(Beginning of SUPPLIED DATA)
(* Let $K\ge1$ and for each $k\in\{1,\dots,K\}$ let $P_{\max,k}>0$, $\mu_k\ge1$, $\Psi_k>0$. Let $q_k^+,q_k^-,c_k^+,c_k^-:\mathbb{R}_+^K\to\mathbb{R}_+$ be differentiable concave functions, and define $$\mathrm{WMEE}(\mathbf p)=\min_{k=1,\dots,K}\frac{q_k^+(\mathbf p)-q_k^-(\mathbf p)}{\mu_kp_k+\Psi_k}.$$ Consider the problem (P): maximize $\mathrm{WMEE}(\mathbf p)$ subject to $0\le p_k\le P_{\max,k}$ and $c_k^+(\mathbf p)-c_k^-(\mathbf p)\ge0$ for all $k$. For a given $\mathbf p_j$, let $\mathcal G_j$ be the problem $$\max_{\mathbf p}\ \min_{k=1,\dots,K}\frac{q_k^+(\mathbf p)-\big[q_k^-(\mathbf p_j)+(\nabla_{\mathbf p}q_k^-(\mathbf p_j))^T(\mathbf p-\mathbf p_j)\big]}{\mu_kp_k+\Psi_k}$$ subject to $0\le p_k\le P_{\max,k}$ and $c_k^+(\mathbf p)-\big[c_k^-(\mathbf p_j)+(\nabla_{\mathbf p}c_k^-(\mathbf p_j))^T(\mathbf p-\mathbf p_j)\big]\ge0$ for all $k$, and let $\mathbf p_j^\star$ denote an optimal solution of $\mathcal G_j$. Let $\mathbf p_0$ be any feasible point of (P) and set $\mathbf p_j=\mathbf p_{j-1}^\star$ for all $j\ge1$. Then the sequence $\{\mathrm{WMEE}(\mathbf p_j^\star)\}_j$ is monotonically increasing and converges.
   Context: $\nabla_{\mathbf p}f(\mathbf p_j)$ denotes the gradient of $f$ with respect to $\mathbf p$ evaluated at $\mathbf p_j$. The problem (P) models (minimum) energy efficiency maximization, where $q_k^+-q_k^-$ is the achievable rate of link $k$ and $c_k^+-c_k^-\ge0$ are additional constraints. *)

From HB Require Import structures.
From mathcomp Require Import all_boot all_order all_algebra.
From mathcomp Require Import all_classical all_reals all_analysis.
Set Implicit Arguments. Unset Strict Implicit. Unset Printing Implicit Defensive.
Import Order.TTheory GRing.Theory Num.Theory.
Local Open Scope ring_scope.

Section Defs.
Variables (R : realType) (K : nat).

Definition vec := 'I_K -> R.

Definition vadd (u v : vec) : vec := fun k => u k + v k.
Definition vsub (u v : vec) : vec := fun k => u k - v k.
Definition vcomb (t : R) (u v : vec) : vec := fun k => t * u k + (1 - t) * v k.
Definition dot (u v : vec) : R := \sum_(k < K) u k * v k.
Definition enorm (u : vec) : R := Num.sqrt (\sum_(k < K) u k ^+ 2).

Definition orthant (p : vec) : Prop := forall k, 0 <= p k.

Definition nonneg_on (f : vec -> R) : Prop := forall p, orthant p -> 0 <= f p.

Definition concave_on (f : vec -> R) : Prop :=
  forall p q t, orthant p -> orthant q -> 0 <= t <= 1 ->
    t * f p + (1 - t) * f q <= f (vcomb t p q).

(* g is the gradient of f on R_+^K: Frechet differentiability at every point
   of the orthant, relative to the orthant *)
Definition is_gradient_on (f : vec -> R) (g : vec -> vec) : Prop :=
  forall p, orthant p -> forall e : R, 0 < e -> exists2 d : R, 0 < d &
    forall h, orthant (vadd p h) -> enorm h < d ->
      `|f (vadd p h) - f p - dot (g p) h| <= e * enorm h.

Definition linz (f : vec -> R) (g : vec -> vec) (pj p : vec) : R :=
  f pj + dot (g pj) (vsub p pj).

End Defs.

Section Problem.
Variables (R : realType) (n : nat).
Local Notation K := n.+1.
Variables (Pmax mu Psi : 'I_K -> R)
  (qp qm cp cm : 'I_K -> vec R K -> R).

Definition minK (F : 'I_K -> R) : R := \big[Num.min/F ord0]_(k < K) F k.

Definition WMEE (p : vec R K) : R :=
  minK (fun k => (qp k p - qm k p) / (mu k * p k + Psi k)).

Definition feasP (p : vec R K) : Prop :=
  forall k, 0 <= p k <= Pmax k /\ 0 <= cp k p - cm k p.

Variables (gqm gcm : 'I_K -> vec R K -> vec R K).

Definition objG (pj p : vec R K) : R :=
  minK (fun k => (qp k p - linz (qm k) (gqm k) pj p) / (mu k * p k + Psi k)).

Definition feasG (pj p : vec R K) : Prop :=
  forall k, 0 <= p k <= Pmax k /\ 0 <= cp k p - linz (cm k) (gcm k) pj p.

Definition optimalG (pj pstar : vec R K) : Prop :=
  feasG pj pstar /\ forall p, feasG pj p -> objG pj p <= objG pj pstar.

End Problem.

From HB Require Import structures.
From mathcomp Require Import all_boot all_order all_algebra.
From mathcomp Require Import all_classical all_reals all_analysis.
From mathcomp Require Import ring lra.
Import Order.TTheory GRing.Theory Num.Theory numFieldNormedType.Exports.
Local Open Scope classical_set_scope.
Local Open Scope ring_scope.
Set Implicit Arguments. Unset Strict Implicit.

(* A differentiable concave function lies below its tangent planes, so
   linearising the subtracted concave terms q_k^- and c_k^- around p_j makes
   the objective of G_j a lower bound of WMEE and its feasible set a subset of
   that of (P), both tight at p_j.  Since p_j is feasible for G_j, the optimum
   p_j' of G_j satisfies WMEE(p_j) = obj_j(p_j) <= obj_j(p_j') <= WMEE(p_j').  The
   sequence is bounded above because the rates are bounded on the box
   [0, P_max] (tangent bound on q_k^+, nonnegativity of q_k^-) and the
   denominators are at least Psi_k, hence it converges to its supremum. *)

Section Vectors.
Variables (R : realType) (K : nat).

Lemma enorm_ge0 (h : vec R K) : 0 <= enorm h.
Proof. exact: sqrtr_ge0. Qed.

Lemma enormZ (t : R) (h : vec R K) : 0 <= t ->
  enorm (fun k => t * h k) = t * enorm h.
Proof.
move=> t_ge0; rewrite /enorm.
have -> : \sum_(k < K) (t * h k) ^+ 2 = t ^+ 2 * \sum_(k < K) h k ^+ 2.
  by rewrite big_distrr; apply: eq_bigr => k _; rewrite exprMn.
by rewrite sqrtrM ?sqr_ge0 // sqrtr_sqr ger0_norm.
Qed.

Lemma dotZr (t : R) (g h : vec R K) : dot g (fun k => t * h k) = t * dot g h.
Proof. by rewrite /dot big_distrr; apply: eq_bigr => k _; rewrite mulrCA. Qed.

Lemma dot_le_box (g h b : vec R K) : (forall k, 0 <= h k <= b k) ->
  dot g h <= \sum_(k < K) `|g k| * b k.
Proof.
move=> hb; apply: ler_sum => k _; have /andP[h_ge0 h_le] := hb k.
apply: le_trans (ler_norm _) _; rewrite normrM (ger0_norm h_ge0).
exact: ler_wpM2l.
Qed.

Lemma linz_id (f : vec R K -> R) (g : vec R K -> vec R K) p : linz f g p p = f p.
Proof. by rewrite /linz /dot big1 ?addr0 // => k _; rewrite /vsub subrr mulr0. Qed.

Lemma concave_linz_gap (f : vec R K -> R) (g : vec R K -> vec R K) (p q : vec R K)
  (e : R) : concave_on f -> is_gradient_on f g -> orthant p -> orthant q -> 0 < e ->
  f p - linz f g q p <= e * enorm (vsub p q).
Proof.
move=> f_cvx f_grad op oq e_gt0; rewrite /linz.
set h := vsub p q; set N := enorm h; have N_ge0 : 0 <= N := enorm_ge0 h.
have [d d_gt0 hd] := f_grad q oq e e_gt0.
(* a step [t h] towards [p], short enough for the first-order estimate *)
pose t := Num.min 1 (d / (N + 1)).
have t_gt0 : 0 < t by rewrite lt_min ltr01 divr_gt0 //; lra.
have t_le1 : t <= 1 by rewrite ge_min lexx.
have tN_lt : t * N < d.
  have : t * (N + 1) <= d by rewrite -ler_pdivlMr ?ge_min ?lexx ?orbT //; lra.
  nra.
pose ht := fun k => t * h k.
have step_comb : vadd q ht = vcomb t p q.
  by apply: funext => k; rewrite /vadd /ht /vcomb /h /vsub; ring.
have step_orth : orthant (vadd q ht).
  by rewrite step_comb => k; rewrite /vcomb; have := op k; have := oq k; nra.
have step_norm : enorm ht = t * N by rewrite enormZ //; lra.
have {hd} := hd _ step_orth; rewrite step_norm dotZr step_comb => /(_ tN_lt) tangent.
have := f_cvx p q t op oq; rewrite t_le1 ltW // => /(_ isT) chord.
have := ler_norm (f (vcomb t p q) - f q - t * dot (g q) h).
move=> /le_trans /(_ tangent) estimate.
by rewrite -(ler_pM2l t_gt0); lra.
Qed.

Lemma concave_le_linz (f : vec R K -> R) (g : vec R K -> vec R K) (p q : vec R K) :
  concave_on f -> is_gradient_on f g -> orthant p -> orthant q ->
  f p <= linz f g q p.
Proof.
move=> f_cvx f_grad op oq; rewrite -subr_le0; apply/ler_addgt0Pr => e e_gt0.
set N := enorm (vsub p q); have N_ge0 : 0 <= N := enorm_ge0 _.
have eN_gt0 : 0 < e / (N + 1) by rewrite divr_gt0 //; lra.
apply: le_trans (concave_linz_gap f_cvx f_grad op oq eN_gt0) _.
by rewrite add0r mulrAC ler_pdivrMr; [rewrite ler_pM2l // lerDl | lra].
Qed.

End Vectors.

Section MinK.
Variables (R : realType) (n : nat).

Lemma minK_le (F : 'I_n.+1 -> R) k : minK F <= F k.
Proof.
rewrite /minK; have : k \in index_enum 'I_n.+1 := mem_index_enum k.
elim: index_enum => [//|a s IH]; rewrite inE big_cons => /orP[/eqP->|ks].
  by rewrite ge_min lexx.
by rewrite ge_min IH // orbT.
Qed.

Lemma le_minK (F : 'I_n.+1 -> R) x : (forall k, x <= F k) -> x <= minK F.
Proof.
move=> H; apply: (big_ind (fun y => x <= y)) => // a b xa xb.
by rewrite le_min xa xb.
Qed.

Lemma le_minK2 (F G : 'I_n.+1 -> R) : (forall k, F k <= G k) -> minK F <= minK G.
Proof. by move=> FG; apply: le_minK => k; apply: le_trans (minK_le F k) (FG k). Qed.

End MinK.

Lemma ratio_le_bound (R : realType) (N D B P : R) :
  0 < P -> P <= D -> N <= B -> N / D <= `|B| / P.
Proof.
move=> P_gt0 PD NB; have D_gt0 : 0 < D by lra.
have [N_le0|N_gt0] := lerP N 0.
  apply: (@le_trans _ _ 0); first by rewrite mulr_le0_ge0 // invr_ge0 ltW.
  by rewrite divr_ge0 // ltW.
rewrite ler_pdivrMr // mulrAC ler_pdivlMr //.
apply: (@le_trans _ _ (N * D)); first by rewrite ler_wpM2l // ltW.
by rewrite ler_wpM2r ?(le_trans NB (ler_norm _)) // ltW.
Qed.

Section Linearisation.
Variables (R : realType) (n : nat).
Local Notation K := n.+1.
Variables (Pmax mu Psi : 'I_K -> R) (qp qm cp cm : 'I_K -> vec R K -> R)
  (gqp gqm gcm : 'I_K -> vec R K -> vec R K).
Hypotheses (hmu : forall k, 1 <= mu k) (hPsi : forall k, 0 < Psi k).
Hypotheses (qp_concave : forall k, concave_on (qp k))
  (qp_grad : forall k, is_gradient_on (qp k) (gqp k))
  (qm_ge0 : forall k, nonneg_on (qm k)) (qm_concave : forall k, concave_on (qm k))
  (qm_grad : forall k, is_gradient_on (qm k) (gqm k))
  (cm_concave : forall k, concave_on (cm k))
  (cm_grad : forall k, is_gradient_on (cm k) (gcm k)).

Local Notation feasP := (feasP Pmax cp cm).
Local Notation feasG := (feasG Pmax cp cm gcm).
Local Notation WMEE := (WMEE mu Psi qp qm).
Local Notation objG := (objG mu Psi qp qm gqm).
Local Notation optimalG := (optimalG Pmax mu Psi qp qm cp cm gqm gcm).

Lemma feasP_orthant p : feasP p -> orthant p.
Proof. by move=> fp k; case: (fp k) => /andP[]. Qed.

Lemma feasG_orthant pj p : feasG pj p -> orthant p.
Proof. by move=> fp k; case: (fp k) => /andP[]. Qed.

Lemma feasG_feasP pj p : orthant pj -> feasG pj p -> feasP p.
Proof.
move=> opj fp k; case: (fp k) => box lin; split => //.
have := concave_le_linz (cm_concave k) (cm_grad k) (feasG_orthant fp) opj; lra.
Qed.

Lemma feasP_feasG p : feasP p -> feasG p p.
Proof. by move=> fp k; rewrite linz_id; exact: fp. Qed.

Lemma denom_gt0 p k : orthant p -> 0 < mu k * p k + Psi k.
Proof. by move=> op; have := op k; have := hmu k; have := hPsi k; nra. Qed.

Lemma objG_le_WMEE pj p : orthant pj -> orthant p -> objG pj p <= WMEE p.
Proof.
move=> opj op; apply: le_minK2 => k.
apply: ler_wpM2r; first by rewrite invr_ge0 ltW ?denom_gt0.
have := concave_le_linz (qm_concave k) (qm_grad k) op opj; lra.
Qed.

Lemma objG_id p : objG p p = WMEE p.
Proof. by congr minK; apply: funext => k; rewrite linz_id. Qed.

Lemma optimalG_feasP pj ps : feasP pj -> optimalG pj ps -> feasP ps.
Proof. by move=> fpj [fps _]; exact: feasG_feasP (feasP_orthant fpj) fps. Qed.

Lemma optimalG_WMEE_le pj ps : feasP pj -> optimalG pj ps -> WMEE pj <= WMEE ps.
Proof.
move=> fpj [fps ps_opt]; rewrite -objG_id.
apply: le_trans (ps_opt _ (feasP_feasG fpj)) _.
exact: objG_le_WMEE (feasP_orthant fpj) (feasG_orthant fps).
Qed.

Lemma WMEE_box_bounded :
  exists B, forall p, (forall k, 0 <= p k <= Pmax k) -> WMEE p <= B.
Proof.
pose z : vec R K := fun=> 0; have oz : orthant z by [].
pose B := qp ord0 z + \sum_(k < K) `|gqp ord0 z k| * Pmax k.
exists (`|B| / Psi ord0) => p box; have op k : 0 <= p k by case/andP: (box k).
apply: le_trans (minK_le _ ord0) _; apply: ratio_le_bound => //.
  by have := op ord0; have := hmu ord0; nra.
have := concave_le_linz (qp_concave ord0) (qp_grad ord0) op oz.
have := qm_ge0 ord0 op.
have : dot (gqp ord0 z) (vsub p z) <= \sum_(k < K) `|gqp ord0 z k| * Pmax k.
  by apply: dot_le_box => k; rewrite /vsub subr0.
rewrite /linz /B; lra.
Qed.

End Linearisation.

Theorem proposition7 (R : realType) (n : nat)
  (Pmax mu Psi : 'I_n.+1 -> R)
  (hPmax : forall k, 0 < Pmax k) (hmu : forall k, 1 <= mu k)
  (hPsi : forall k, 0 < Psi k)
  (qp qm cp cm : 'I_n.+1 -> vec R n.+1 -> R)
  (gqp gqm gcp gcm : 'I_n.+1 -> vec R n.+1 -> vec R n.+1)
  (hqp : forall k, [/\ nonneg_on (qp k), concave_on (qp k) & is_gradient_on (qp k) (gqp k)])
  (hqm : forall k, [/\ nonneg_on (qm k), concave_on (qm k) & is_gradient_on (qm k) (gqm k)])
  (hcp : forall k, [/\ nonneg_on (cp k), concave_on (cp k) & is_gradient_on (cp k) (gcp k)])
  (hcm : forall k, [/\ nonneg_on (cm k), concave_on (cm k) & is_gradient_on (cm k) (gcm k)])
  (p0 : vec R n.+1) (pstar : nat -> vec R n.+1)
  (hp0 : feasP Pmax cp cm p0)
  (hopt0 : optimalG Pmax mu Psi qp qm cp cm gqm gcm p0 (pstar 0%N))
  (hopt : forall j : nat,
     optimalG Pmax mu Psi qp qm cp cm gqm gcm (pstar j) (pstar j.+1)) :
  (forall j : nat, WMEE mu Psi qp qm (pstar j) <= WMEE mu Psi qp qm (pstar j.+1))
  /\ exists l : R, WMEE mu Psi qp qm (pstar j) @[j --> \oo] --> l.
Proof.
have [_ qp_concave qp_grad] := all_and3 hqp.
have [qm_ge0 qm_concave qm_grad] := all_and3 hqm.
have [_ cm_concave cm_grad] := all_and3 hcm.
have feas j : feasP Pmax cp cm (pstar j).
  elim: j => [|j IH]; first exact: (optimalG_feasP cm_concave cm_grad hp0 hopt0).
  exact: (optimalG_feasP cm_concave cm_grad IH (hopt j)).
have mono j : WMEE mu Psi qp qm (pstar j) <= WMEE mu Psi qp qm (pstar j.+1).
  exact: (optimalG_WMEE_le hmu hPsi qm_concave qm_grad (feas j) (hopt j)).
split => //.
have [B WMEE_le] := WMEE_box_bounded Pmax hmu hPsi qp_concave qp_grad qm_ge0.
exists (sup (range (fun j => WMEE mu Psi qp qm (pstar j)))).
apply: nondecreasing_cvgn; first exact/nondecreasing_seqP.
by exists B => _ [j _ <-]; apply: WMEE_le => k; case: (feas j k).
Qed.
(End of SUPPLIED DATA)
*PROBLEM:* Search the data above for "Hypotheses" and copy every line where it turns up.

*TASK RESPONSE:*
Hypotheses (hmu : forall k, 1 <= mu k) (hPsi : forall k, 0 < Psi k).
Hypotheses (qp_concave : forall k, concave_on (qp k))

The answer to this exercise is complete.